__What is required__.
What lines in the following entries hold the word "operatorname"? Copy each one.

Dataset extract: Begin

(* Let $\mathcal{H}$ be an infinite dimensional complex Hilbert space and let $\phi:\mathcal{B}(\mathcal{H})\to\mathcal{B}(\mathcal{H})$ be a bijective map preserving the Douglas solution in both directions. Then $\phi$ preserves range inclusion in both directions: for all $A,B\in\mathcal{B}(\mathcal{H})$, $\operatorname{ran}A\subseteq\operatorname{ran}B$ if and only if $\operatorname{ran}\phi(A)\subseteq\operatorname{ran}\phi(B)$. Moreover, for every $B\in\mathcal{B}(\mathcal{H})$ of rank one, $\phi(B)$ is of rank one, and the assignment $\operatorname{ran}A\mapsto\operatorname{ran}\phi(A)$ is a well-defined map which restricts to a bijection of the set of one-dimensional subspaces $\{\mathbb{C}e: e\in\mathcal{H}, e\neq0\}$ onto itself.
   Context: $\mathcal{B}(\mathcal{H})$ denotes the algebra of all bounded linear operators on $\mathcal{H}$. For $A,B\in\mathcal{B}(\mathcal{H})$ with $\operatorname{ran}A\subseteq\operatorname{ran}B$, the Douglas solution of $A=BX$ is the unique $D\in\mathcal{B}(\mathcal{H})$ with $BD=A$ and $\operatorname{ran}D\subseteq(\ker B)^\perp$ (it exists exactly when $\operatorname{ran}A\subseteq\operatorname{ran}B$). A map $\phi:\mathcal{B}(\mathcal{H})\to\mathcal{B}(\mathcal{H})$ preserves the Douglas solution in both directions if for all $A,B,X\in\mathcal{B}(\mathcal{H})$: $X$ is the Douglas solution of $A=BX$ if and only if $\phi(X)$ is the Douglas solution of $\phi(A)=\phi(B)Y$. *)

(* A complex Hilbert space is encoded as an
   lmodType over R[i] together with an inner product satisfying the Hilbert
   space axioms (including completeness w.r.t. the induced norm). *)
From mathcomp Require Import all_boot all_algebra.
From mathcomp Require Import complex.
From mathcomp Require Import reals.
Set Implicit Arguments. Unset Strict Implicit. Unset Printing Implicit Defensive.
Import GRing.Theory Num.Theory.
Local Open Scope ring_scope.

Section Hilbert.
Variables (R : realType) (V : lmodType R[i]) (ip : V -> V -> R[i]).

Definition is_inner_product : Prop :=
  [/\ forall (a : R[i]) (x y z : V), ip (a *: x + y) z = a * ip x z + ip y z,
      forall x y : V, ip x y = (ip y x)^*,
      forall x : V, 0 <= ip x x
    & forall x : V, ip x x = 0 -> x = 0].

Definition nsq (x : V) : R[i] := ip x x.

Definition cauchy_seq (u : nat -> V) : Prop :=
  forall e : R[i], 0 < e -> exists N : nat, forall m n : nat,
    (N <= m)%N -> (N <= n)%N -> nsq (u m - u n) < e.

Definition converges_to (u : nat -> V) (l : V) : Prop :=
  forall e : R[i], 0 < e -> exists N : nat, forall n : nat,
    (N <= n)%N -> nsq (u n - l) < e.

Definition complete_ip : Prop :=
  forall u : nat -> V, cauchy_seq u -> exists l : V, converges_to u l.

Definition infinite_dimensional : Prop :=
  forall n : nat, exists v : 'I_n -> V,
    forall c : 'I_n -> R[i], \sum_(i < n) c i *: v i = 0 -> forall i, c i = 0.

Dataset extract: End

__Answer for this exercise__.
(* Let $\mathcal{H}$ be an infinite dimensional complex Hilbert space and let $\phi:\mathcal{B}(\mathcal{H})\to\mathcal{B}(\mathcal{H})$ be a bijective map preserving the Douglas solution in both directions. Then $\phi$ preserves range inclusion in both directions: for all $A,B\in\mathcal{B}(\mathcal{H})$, $\operatorname{ran}A\subseteq\operatorname{ran}B$ if and only if $\operatorname{ran}\phi(A)\subseteq\operatorname{ran}\phi(B)$. Moreover, for every $B\in\mathcal{B}(\mathcal{H})$ of rank one, $\phi(B)$ is of rank one, and the assignment $\operatorname{ran}A\mapsto\operatorname{ran}\phi(A)$ is a well-defined map which restricts to a bijection of the set of one-dimensional subspaces $\{\mathbb{C}e: e\in\mathcal{H}, e\neq0\}$ onto itself.
   Context: $\mathcal{B}(\mathcal{H})$ denotes the algebra of all bounded linear operators on $\mathcal{H}$. For $A,B\in\mathcal{B}(\mathcal{H})$ with $\operatorname{ran}A\subseteq\operatorname{ran}B$, the Douglas solution of $A=BX$ is the unique $D\in\mathcal{B}(\mathcal{H})$ with $BD=A$ and $\operatorname{ran}D\subseteq(\ker B)^\perp$ (it exists exactly when $\operatorname{ran}A\subseteq\operatorname{ran}B$). A map $\phi:\mathcal{B}(\mathcal{H})\to\mathcal{B}(\mathcal{H})$ preserves the Douglas solution in both directions if for all $A,B,X\in\mathcal{B}(\mathcal{H})$: $X$ is the Douglas solution of $A=BX$ if and only if $\phi(X)$ is the Douglas solution of $\phi(A)=\phi(B)Y$. *)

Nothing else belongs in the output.